An acceptable answer repeats exactly the line with "Lemma svetlichny_SvF V" and each line after it through the end of the entries, and includes nothing else.

*** MATERIAL TO PROCESS ***

(* R^{d,lambda}_{Sp}(s): the polynomial of degree <= d (zero constant term)
   agreeing with -(s/d) (d/ds) log E_p(s) = -(s/d) E_p'(s)/E_p(s)
   modulo s^(d+1); computed as the truncation to degree <= d of
   -(1/d) s E_p'(s) (1/E_p mod s^(d+1)). *)
Definition RSp (m d : nat) (p : {poly R}) : {poly R} :=
  take_poly d.+1
    (- (d%:R)^-1 *: ('X * (Ep m d p)^`() * invTrunc d (Ep m d p))).

Definition polyint (q : {poly R}) : {poly R} :=
  \poly_(k < (size q).+1) (if k is k'.+1 then q`_k' / (k'.+1)%:R else 0).

(* Rhat(s) = d \int_0^s R(u/(md)) / u du; since R has zero constant term,
   R(u/(md))/u is the polynomial (R \Po (u/(md))) %/ u. *)
Definition Rhat (m d : nat) (Rp : {poly R}) : {poly R} :=
  d%:R *: polyint ((Rp \Po (((m * d)%:R)^-1 *: 'X)) %/ 'X).

(* Bivariate polynomials: {poly {poly R}}, outer variable x, inner variable y. *)
Definition Dxy (f : {poly {poly R}}) : {poly {poly R}} :=
  map_poly (@deriv R) (deriv f).

Definition applyOp (Q : {poly R}) (f : {poly {poly R}}) : {poly {poly R}} :=
  \sum_(i < size Q) (Q`_i)%:P%:P * iter i Dxy f.

Definition expOp (Q : {poly R}) (N : nat) (f : {poly {poly R}}) : {poly {poly R}} :=
  \sum_(n < N) ((n`!)%:R^-1)%:P%:P * iter n (applyOp Q) f.

Definition monoYX (m d : nat) : {poly {poly R}} := ('X^m)%:P * 'X^d.

Definition subst_xy (p : {poly R}) : {poly {poly R}} :=
  \poly_(j < size p) ((p`_j)%:P * 'X^j).

End Defs.

Definition nonneg_rooted (R : realFieldType) (p : {poly R}) : Prop :=
  exists rs : seq R, p = \prod_(r <- rs) ('X - r%:P) /\ all (fun r => 0 <= r) rs.

From HB Require Import structures.
From mathcomp Require Import all_boot all_order all_algebra.
From mathcomp Require Import ring.
Set Implicit Arguments. Unset Strict Implicit. Unset Printing Implicit Defensive.
Import Order.TTheory GRing.Theory Num.Theory.
Local Open Scope ring_scope.

(* The operators Q(d_x d_y) compose like the polynomials Q(s), so the partial
   sums of exp(-Rhat(d_x d_y)) act as F(d_x d_y), with F a partial sum of the
   series exp(-Rhat(s)); and (d_x d_y)^i y^m x^d = m^(i) d^(i) y^(m-i) x^(d-i)
   with falling factorials.  As the coefficient of s^i in E_p(s/(md)), times
   m^(i) d^(i), is p_(d-i), the identity reduces to
   exp(-Rhat(s)) = E_p(s/(md)) mod s^(d+1).  Both sides solve
   f' = -Rhat'(s) f, f(0) = 1 mod s^d: the left one by the chain rule, the
   right one because R is -(s/d) times the logarithmic derivative of E_p; in
   characteristic 0 such solutions agree mod s^(d+1).  Uniqueness is read off the coefficients x^j y^j. *)

Section Operators.
Variable R : fieldType.
Implicit Types (P Q F : {poly R}) (f g : {poly {poly R}}) (c : R).

Lemma DxyD f g : Dxy (f + g) = Dxy f + Dxy g.
Proof. by rewrite /Dxy derivD raddfD. Qed.

Lemma DxyCM c f : Dxy (c%:P%:P * f) = c%:P%:P * Dxy f.
Proof.
rewrite /Dxy !mul_polyC derivZ; apply/polyP => i.
rewrite coef_map_id0 ?raddf0 // !coefZ coef_map_id0 ?raddf0 //.
by rewrite !mul_polyC derivZ.
Qed.

Lemma iter_DxyCM n c f : iter n (@Dxy R) (c%:P%:P * f) = c%:P%:P * iter n (@Dxy R) f.
Proof. by elim: n => //= n ->; rewrite DxyCM. Qed.

Lemma applyOp_widen n Q f : (size Q <= n)%N ->
  applyOp Q f = \sum_(i < n) (Q`_i)%:P%:P * iter i (@Dxy R) f.
Proof.
move=> leQn; rewrite /applyOp.
rewrite (big_ord_widen _ (fun i => (Q`_i)%:P%:P * iter i (@Dxy R) f) leQn).
rewrite big_mkcond /=; apply: eq_bigr => i _; case: ltnP => // /(nth_default 0) ->.
by rewrite mul0r.
Qed.

Lemma applyOp0 f : applyOp 0 f = 0.
Proof. by rewrite /applyOp size_poly0 big_ord0. Qed.

Lemma applyOpC c f : applyOp c%:P f = c%:P%:P * f.
Proof. by rewrite (@applyOp_widen 1) ?size_polyC_leq1 // big_ord1 coefC. Qed.

Lemma applyOp1 f : applyOp 1 f = f.
Proof. by rewrite -polyC1 applyOpC mul1r. Qed.

Lemma applyOpD P Q f : applyOp (P + Q) f = applyOp P f + applyOp Q f.
Proof.
set n := maxn (size P) (size Q).
rewrite (@applyOp_widen n (P + Q)); last exact: leq_trans (size_polyD _ _) _.
rewrite (@applyOp_widen n P) ?leq_maxl // (@applyOp_widen n Q) ?leq_maxr //.
by rewrite -big_split; apply: eq_bigr => i _; rewrite coefD !polyCD mulrDl.
Qed.

Lemma applyOpZ c P f : applyOp (c *: P) f = c%:P%:P * applyOp P f.
Proof.
rewrite (@applyOp_widen (size P)) ?size_scale_leq // big_distrr.
by apply: eq_bigr => i _; rewrite coefZ !polyCM -mulrA.
Qed.

Lemma applyOp_sum (I : finType) (F : I -> {poly R}) f :
  applyOp (\sum_i F i) f = \sum_i applyOp (F i) f.
Proof. by elim/big_rec2: _ => [|i y1 y2 _ <-]; rewrite ?applyOp0 ?applyOpD. Qed.

Lemma applyOpCM Q c f : applyOp Q (c%:P%:P * f) = c%:P%:P * applyOp Q f.
Proof.
rewrite /applyOp big_distrr; apply: eq_bigr => i _.
by rewrite iter_DxyCM /= !mulrA [_%:P%:P * c%:P%:P]mulrC.
Qed.

Lemma applyOp0r Q : applyOp Q 0 = 0.
Proof. by rewrite -(mul0r 0) -polyC0 -polyC0 applyOpCM !mul0r. Qed.

Lemma applyOp_Dxy Q f : applyOp Q (Dxy f) = Dxy (applyOp Q f).
Proof.
rewrite /applyOp; elim/big_rec2: _ => [|i y1 y2 _ ->].
  by rewrite /Dxy !raddf0.
by rewrite DxyD DxyCM -iterSr.
Qed.

Lemma applyOpMX P f : applyOp (P * 'X) f = applyOp P (Dxy f).
Proof.
have [->|P0] := eqVneq P 0; first by rewrite mul0r !applyOp0.
rewrite /applyOp size_mulX // big_ord_recl coefMX /= mul0r add0r.
by apply: eq_bigr => i _; rewrite coefMX /= -iterSr.
Qed.

Lemma applyOpM P Q f : applyOp (P * Q) f = applyOp P (applyOp Q f).
Proof.
elim/poly_ind: P f => [|P a IH] f; first by rewrite mul0r !applyOp0.
by rewrite mulrDl mulrAC applyOpD applyOpMX IH mul_polyC applyOpZ applyOpD
  applyOpMX applyOpC applyOp_Dxy.
Qed.

Lemma applyOpXn n f : applyOp 'X^n f = iter n (@Dxy R) f.
Proof.
elim: n f => [|n IH] f; first by rewrite expr0 applyOp1.
by rewrite exprSr applyOpMX IH iterSr.
Qed.

Definition trunc_exp N Q : {poly R} := \sum_(n < N) (n`!%:R)^-1 *: Q ^+ n.

Lemma expOpE Q N f : expOp Q N f = applyOp (trunc_exp N Q) f.
Proof.
rewrite /trunc_exp applyOp_sum; apply: eq_bigr => n _.
have iter_applyOp k : iter k (applyOp Q) f = applyOp (Q ^+ k) f.
  by elim: k => [|k IH]; rewrite ?expr0 ?applyOp1 // iterS IH exprS applyOpM.
by rewrite applyOpZ iter_applyOp.
Qed.

Definition cmonoYX c (a b : nat) : {poly {poly R}} := (c *: 'X^a) *: 'X^b.

Lemma monoYXE m d : monoYX R m d = cmonoYX 1 m d.
Proof. by rewrite /monoYX /cmonoYX mul_polyC scale1r. Qed.

Lemma polyCCM_cmonoYX c' c a b : c'%:P%:P * cmonoYX c a b = cmonoYX (c' * c) a b.
Proof. by rewrite /cmonoYX mul_polyC scalerA mul_polyC scalerA. Qed.

Lemma Dxy_cmonoYX c a b : Dxy (cmonoYX c a b) = cmonoYX (c *+ (a * b)) a.-1 b.-1.
Proof.
apply/polyP => k; rewrite /Dxy /cmonoYX coef_map_id0 ?raddf0 // coef_deriv.
rewrite !coefZ !coefXn.
case: b => [|b] /=; first by rewrite mulr0 mul0rn raddf0 muln0 mulr0n scale0r mul0r.
rewrite eqSS; case: eqP => [->|_]; last by rewrite !mulr0 mul0rn raddf0.
rewrite !mulr1 derivMn derivZ derivXn.
by rewrite scalerMnl -scalerMnr scalerMnl -mulrnA [(b.+1 * a)%N]mulnC.
Qed.

Lemma iter_Dxy_cmonoYX i c a b :
  iter i (@Dxy R) (cmonoYX c a b) = cmonoYX (c *+ (a ^_ i * b ^_ i)) (a - i) (b - i).
Proof.
elim: i => [|i IH]; first by rewrite /= !subn0 mulr1n.
rewrite iterS IH Dxy_cmonoYX -!subnS -mulrnA !ffactnSr.
by rewrite [(a ^_ i * (a - i) * _)%N]mulnACA.
Qed.
(* In the 2SDI setting where Alice measures the qubit observables $A_0=\sigma_x$, $A_1=\sigma_y$ and Bob and Charlie are black boxes, the Svetlichny family $P^V_{SvF}$ demonstrates tripartite steering (i.e. admits no 2SDI fully LHS-LHV model) whenever $V>\frac12$.
   Context: Outcomes and settings: $a,b,c,x,y,z\in\{0,1\}$. For a qubit observable $O$ with eigenvalues $\pm1$, the measurement has projectors $M_0=(\mathbb 1+O)/2$, $M_1=(\mathbb 1-O)/2$; $M^A_{a|x}$ denotes the projectors of $A_x$. Svetlichny family ($0<V\le1$): $P^V_{SvF}(abc|xyz)=\frac{2+(-1)^{a\oplus b\oplus c\oplus xy\oplus yz\oplus xz}\sqrt2\,V}{16}$. 2SDI fully LHS-LHV model: there exist probabilities $q_\lambda$, qubit states $\rho^\lambda_A$ and arbitrary conditional distributions $P_\lambda(b|y)$, $P_\lambda(c|z)$ with $P(abc|xyz)=\sum_\lambda q_\lambda \mathrm{Tr}(M^A_{a|x}\rho^\lambda_A)P_\lambda(b|y)P_\lambda(c|z)$ for all $a,b,c,x,y,z$. A correlation demonstrates tripartite steering in the 2SDI scenario iff it admits no such model. *)

From Stdlib Require Import Reals Lra.
Open Scope R_scope.

Record Cx := mkC { re : R ; im : R }.
Definition C0 : Cx := mkC 0 0.
Definition C1 : Cx := mkC 1 0.
Definition Cadd (u v : Cx) : Cx := mkC (re u + re v) (im u + im v).
Definition Cmul (u v : Cx) : Cx :=
  mkC (re u * re v - im u * im v) (re u * im v + im u * re v).
Definition Cconj (u : Cx) : Cx := mkC (re u) (- im u).
Definition Cscale (r : R) (u : Cx) : Cx := mkC (r * re u) (r * im u).

(* qubit operators: 2x2 complex matrices indexed by bool (false = |0>, true = |1>) *)
Definition Mat2 := bool -> bool -> Cx.
Definition Mid : Mat2 := fun i j => if Bool.eqb i j then C1 else C0.
Definition Madd (A B : Mat2) : Mat2 := fun i j => Cadd (A i j) (B i j).
Definition Mscale (r : R) (A : Mat2) : Mat2 := fun i j => Cscale r (A i j).
Definition Mmul (A B : Mat2) : Mat2 :=
  fun i j => Cadd (Cmul (A i false) (B false j)) (Cmul (A i true) (B true j)).
Definition Mtr (A : Mat2) : Cx := Cadd (A false false) (A true true).

Definition sigma_x : Mat2 := fun i j => if xorb i j then C1 else C0.
Definition sigma_y : Mat2 := fun i j =>
  match i, j with
  | false, true => mkC 0 (-1)
  | true, false => mkC 0 1
  | _, _ => C0
  end.

Definition hermitian (A : Mat2) : Prop := forall i j, A i j = Cconj (A j i).
Definition psd (A : Mat2) : Prop :=
  forall v : bool -> Cx,
    0 <= re (Cadd
          (Cadd (Cmul (Cconj (v false)) (Cmul (A false false) (v false)))
                (Cmul (Cconj (v false)) (Cmul (A false true) (v true))))
          (Cadd (Cmul (Cconj (v true)) (Cmul (A true false) (v false)))
                (Cmul (Cconj (v true)) (Cmul (A true true) (v true))))).
Definition qubit_state (rho : Mat2) : Prop :=
  hermitian rho /\ psd rho /\ Mtr rho = C1.

Definition sgn (a : bool) : R := if a then -1 else 1.

Definition proj (O : Mat2) (a : bool) : Mat2 :=
  Mscale (1/2) (Madd Mid (Mscale (sgn a) O)).

Definition Alice_obs (x : bool) : Mat2 := if x then sigma_y else sigma_x.
Definition MA (a x : bool) : Mat2 := proj (Alice_obs x) a.

(* Born probability Tr(M rho) (real for Hermitian M, rho) *)
Definition born (M rho : Mat2) : R := re (Mtr (Mmul M rho)).

Definition P_SvF (V : R) (a b c x y z : bool) : R :=
  (2 + sgn (xorb (xorb (xorb a b) c)
                 (xorb (xorb (andb x y) (andb y z)) (andb x z))) * sqrt 2 * V) / 16.

Fixpoint fsum (n : nat) (f : nat -> R) : R :=
  match n with
  | O => 0
  | S k => fsum k f + f k
  end.

Definition cond_distr (Pr : bool -> bool -> R) : Prop :=
  forall y, (forall b, 0 <= Pr b y) /\ Pr false y + Pr true y = 1.

(* 2SDI fully LHS-LHV model (Alice trusted with measurements MA,
   Bob and Charlie black boxes), with a finite hidden variable lambda < n *)
Definition fully_LHS_LHV_2SDI (P : bool -> bool -> bool -> bool -> bool -> bool -> R)
  : Prop :=
  exists (n : nat) (q : nat -> R) (rhoA : nat -> Mat2)
         (PB PC : nat -> bool -> bool -> R),
    (forall l, (l < n)%nat -> 0 <= q l) /\
    fsum n q = 1 /\
    (forall l, (l < n)%nat -> qubit_state (rhoA l)) /\
    (forall l, (l < n)%nat -> cond_distr (PB l)) /\
    (forall l, (l < n)%nat -> cond_distr (PC l)) /\
    (forall a b c x y z,
        P a b c x y z =
        fsum n (fun l => q l * born (MA a x) (rhoA l) * PB l b y * PC l c z)).

(* For a product distribution p_A(a|x) p_B(b|y) p_C(c|z) the Svetlichny
   expression S = sum_xyz (-1)^{xy+yz+xz} E_xyz factors through the one-party
   correlators, S = sum_xyz (-1)^{xy+yz+xz} alpha_x beta_y gamma_z.  Alice's
   correlators alpha_x = <A_x> lie in the Bloch disc alpha_0^2 + alpha_1^2 <= 1,
   while beta, gamma lie in [-1, 1]; by Cauchy-Schwarz, S <= 2 sqrt 2 for every
   hidden variable, hence for every 2SDI fully LHS-LHV model.  The Svetlichny family reaches S = 4 sqrt 2 V,
   which exceeds 2 sqrt 2 exactly when V > 1/2. *)
From Stdlib Require Import Reals Lra Psatz.
Open Scope R_scope.

Definition bsum (f : bool -> R) : R := f false + f true.

Lemma fsum_le n (f g : nat -> R) :
  (forall l, (l < n)%nat -> f l <= g l) -> fsum n f <= fsum n g.
Proof.
  induction n as [|n IH]; simpl; intros Hfg; [lra|].
  assert (fsum n f <= fsum n g) by (apply IH; intros; apply Hfg; lia).
  assert (f n <= g n) by (apply Hfg; lia).
  lra.
Qed.

Lemma fsum_mulr n (f : nat -> R) c : fsum n (fun l => f l * c) = fsum n f * c.
Proof. induction n as [|n IH]; simpl; [|rewrite IH]; ring. Qed.

Definition corr (p : bool -> bool -> R) (x : bool) : R :=
  bsum (fun a => sgn a * p a x).

Lemma corr_born_proj (O : bool -> Mat2) rho x :
  corr (fun a x => born (proj (O x) a) rho) x = born (O x) rho.
Proof.
  unfold corr, bsum, born, proj, Mtr, Mmul, Mscale, Madd, Mid, sgn,
    Cadd, Cmul, Cscale, C1, C0.
  simpl; field.
Qed.

Lemma corr_sqr_le1 (p : bool -> bool -> R) x : cond_distr p -> corr p x ^ 2 <= 1.
Proof.
  intros Hp; destruct (Hp x) as [Hpos Hsum].
  specialize (Hpos false) as H0; specialize (Hpos true) as H1.
  unfold corr, bsum, sgn; nra.
Qed.

Lemma born_sigma_x rho : hermitian rho -> born sigma_x rho = 2 * re (rho false true).
Proof.
  intros Hh; pose proof (f_equal re (Hh true false)) as Hre.
  unfold born, Mtr, Mmul, sigma_x in *; simpl in *; lra.
Qed.

Lemma born_sigma_y rho : hermitian rho -> born sigma_y rho = - 2 * im (rho false true).
Proof.
  intros Hh; pose proof (f_equal im (Hh true false)) as Him.
  unfold born, Mtr, Mmul, sigma_y in *; simpl in *; lra.
Qed.

(* Positivity on the vectors (rho11, -rho10) and (-rho01, rho00) gives
   rho11 det rho >= 0 and rho00 det rho >= 0; summing, det rho >= 0, so
   |rho01|^2 <= rho00 rho11 <= 1/4. *)
Lemma qubit_state_coherence_le rho : qubit_state rho ->
  re (rho false true) ^ 2 + im (rho false true) ^ 2 <= 1/4.
Proof.
  intros [Hh [Hpsd Htr]].
  pose proof (f_equal re (Hh true false)) as Hre10.
  pose proof (f_equal im (Hh true false)) as Him10.
  pose proof (f_equal im (Hh false false)) as Him00.
  pose proof (f_equal im (Hh true true)) as Him11.
  pose proof (f_equal re Htr) as Htr_re.
  pose proof (Hpsd (fun i => if i then mkC (- re (rho true false)) (- im (rho true false))
                            else mkC (re (rho true true)) 0)) as Hv1.
  pose proof (Hpsd (fun i => if i then mkC (re (rho false false)) 0
                            else mkC (- re (rho false true)) (- im (rho false true)))) as Hv2.
  unfold Mtr, Cadd, Cmul, Cconj, C1 in *; simpl in *.
  destruct (rho false false) as [r00 i00], (rho true true) as [r11 i11],
    (rho false true) as [r01 i01], (rho true false) as [r10 i10]; simpl in *.
  assert (i00 = 0) by lra; assert (i11 = 0) by lra;
    assert (r11 = 1 - r00) by lra; subst.
  assert (Hdet : r01 ^ 2 + i01 ^ 2 <= r00 * (1 - r00)) by nra.
  pose proof (pow2_ge_0 (r00 - 1/2)).
  lra.
Qed.

Lemma bloch_xy_le1 rho : qubit_state rho ->
  born sigma_x rho ^ 2 + born sigma_y rho ^ 2 <= 1.
Proof.
  intros Hs; pose proof (qubit_state_coherence_le rho Hs) as Hcoh.
  destruct Hs as [Hh _].
  rewrite (born_sigma_x rho Hh), (born_sigma_y rho Hh); nra.
Qed.

Definition svetlichny_sign (x y z : bool) : R :=
  sgn (xorb (xorb (andb x y) (andb y z)) (andb x z)).

Definition correlator3 (P : bool -> bool -> bool -> bool -> bool -> bool -> R)
  (x y z : bool) : R :=
  bsum (fun a => bsum (fun b => bsum (fun c => sgn (xorb (xorb a b) c) * P a b c x y z))).

Definition svetlichny (P : bool -> bool -> bool -> bool -> bool -> bool -> R) : R :=
  bsum (fun x => bsum (fun y => bsum (fun z => svetlichny_sign x y z * correlator3 P x y z))).

Definition svetlichny_form (alpha beta gamma : bool -> R) : R :=
  bsum (fun x => bsum (fun y => bsum (fun z =>
    svetlichny_sign x y z * alpha x * beta y * gamma z))).

Lemma svetlichny_fsum n F :
  svetlichny (fun a b c x y z => fsum n (fun l => F l a b c x y z)) =
  fsum n (fun l => svetlichny (F l)).
Proof.
  induction n as [|n IH]; simpl; [|rewrite <- IH];
    unfold svetlichny, correlator3, bsum; ring.
Qed.

Lemma svetlichny_product q pA pB pC :
  svetlichny (fun a b c x y z => q * pA a x * pB b y * pC c z) =
  q * svetlichny_form (corr pA) (corr pB) (corr pC).
Proof.
  unfold svetlichny, svetlichny_form, correlator3, corr, svetlichny_sign, bsum, sgn.
  simpl; ring.
Qed.

(* Writing u + i w = (beta_0 + i beta_1)(gamma_0 + i gamma_1), the form is
   alpha_0 (u + w) + alpha_1 (u - w), and (u + w)^2 + (u - w)^2 = 2 |u + i w|^2 <= 8. *)
Lemma svetlichny_form_le alpha beta gamma :
  alpha false ^ 2 + alpha true ^ 2 <= 1 ->
  (forall y, beta y ^ 2 <= 1) -> (forall z, gamma z ^ 2 <= 1) ->
  svetlichny_form alpha beta gamma <= 2 * sqrt 2.
Proof.
  intros Ha Hb Hc.
  pose proof (Hb false); pose proof (Hb true); pose proof (Hc false); pose proof (Hc true).
  set (u := beta false * gamma false - beta true * gamma true).
  set (w := beta false * gamma true + beta true * gamma false).
  assert (Hform : svetlichny_form alpha beta gamma =
                  alpha false * (u + w) + alpha true * (u - w)).
  { unfold svetlichny_form, svetlichny_sign, bsum, sgn, u, w; simpl; ring. }
  assert (Huw : u ^ 2 + w ^ 2 <= 4).
  { replace (u ^ 2 + w ^ 2) with
      ((beta false ^ 2 + beta true ^ 2) * (gamma false ^ 2 + gamma true ^ 2))
      by (unfold u, w; ring).
    pose proof (pow2_ge_0 (beta false)); pose proof (pow2_ge_0 (beta true)).
    pose proof (pow2_ge_0 (gamma false)); pose proof (pow2_ge_0 (gamma true)).
    nra. }
  assert (Hcs : (alpha false * (u + w) + alpha true * (u - w)) ^ 2 <= 8).
  { assert (Hlag : (alpha false * (u + w) + alpha true * (u - w)) ^ 2
                   + (alpha false * (u - w) - alpha true * (u + w)) ^ 2
                   = (alpha false ^ 2 + alpha true ^ 2) * (2 * (u ^ 2 + w ^ 2)))
      by ring.
    pose proof (pow2_ge_0 (alpha false * (u - w) - alpha true * (u + w))).
    pose proof (pow2_ge_0 u); pose proof (pow2_ge_0 w).
    nra. }
  assert (Hsqrt2 : sqrt 2 * sqrt 2 = 2) by (apply sqrt_sqrt; lra).
  pose proof (sqrt_pos 2).
  rewrite Hform; nra.
Qed.

Lemma svetlichny_fully_LHS_LHV_le P : fully_LHS_LHV_2SDI P -> svetlichny P <= 2 * sqrt 2.
Proof.
  intros [n [q [rhoA [PB [PC [Hq [Hq1 [Hrho [HB [HC HP]]]]]]]]]].
  replace (svetlichny P) with
    (svetlichny (fun a b c x y z =>
       fsum n (fun l => q l * born (MA a x) (rhoA l) * PB l b y * PC l c z)))
    by (unfold svetlichny, correlator3, bsum; rewrite !HP; reflexivity).
  rewrite svetlichny_fsum, <- (Rmult_1_l (2 * sqrt 2)), <- Hq1, <- fsum_mulr.
  apply fsum_le; intros l Hl.
  rewrite (svetlichny_product (q l) (fun a x => born (MA a x) (rhoA l))).
  apply Rmult_le_compat_l; [now apply Hq|].
  apply svetlichny_form_le.
  - unfold MA; rewrite !(corr_born_proj Alice_obs); simpl.
    now apply bloch_xy_le1, Hrho.
  - intros y; now apply corr_sqr_le1, HB.
  - intros z; now apply corr_sqr_le1, HC.
Qed.

Lemma svetlichny_SvF V : svetlichny (P_SvF V) = 4 * sqrt 2 * V.
Proof. unfold svetlichny, correlator3, svetlichny_sign, bsum, P_SvF, sgn; simpl; field. Qed.

Theorem proposition4 (V : R) (hV0 : 1/2 < V) (hV1 : V <= 1) :
  ~ fully_LHS_LHV_2SDI (P_SvF V).
Proof.
  intros Hmodel.
  pose proof (svetlichny_fully_LHS_LHV_le _ Hmodel) as Hle.
  rewrite svetlichny_SvF in Hle.
  assert (0 < sqrt 2) by (apply sqrt_lt_R0; lra).
  nra.
Qed.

*** End of MATERIAL TO PROCESS ***

> RESULT FOR THIS TASK
Lemma svetlichny_SvF V : svetlichny (P_SvF V) = 4 * sqrt 2 * V.
Proof. unfold svetlichny, correlator3, svetlichny_sign, bsum, P_SvF, sgn; simpl; field. Qed.

Theorem proposition4 (V : R) (hV0 : 1/2 < V) (hV1 : V <= 1) :
  ~ fully_LHS_LHV_2SDI (P_SvF V).
Proof.
  intros Hmodel.
  pose proof (svetlichny_fully_LHS_LHV_le _ Hmodel) as Hle.
  rewrite svetlichny_SvF in Hle.
  assert (0 < sqrt 2) by (apply sqrt_lt_R0; lra).
  nra.
Qed.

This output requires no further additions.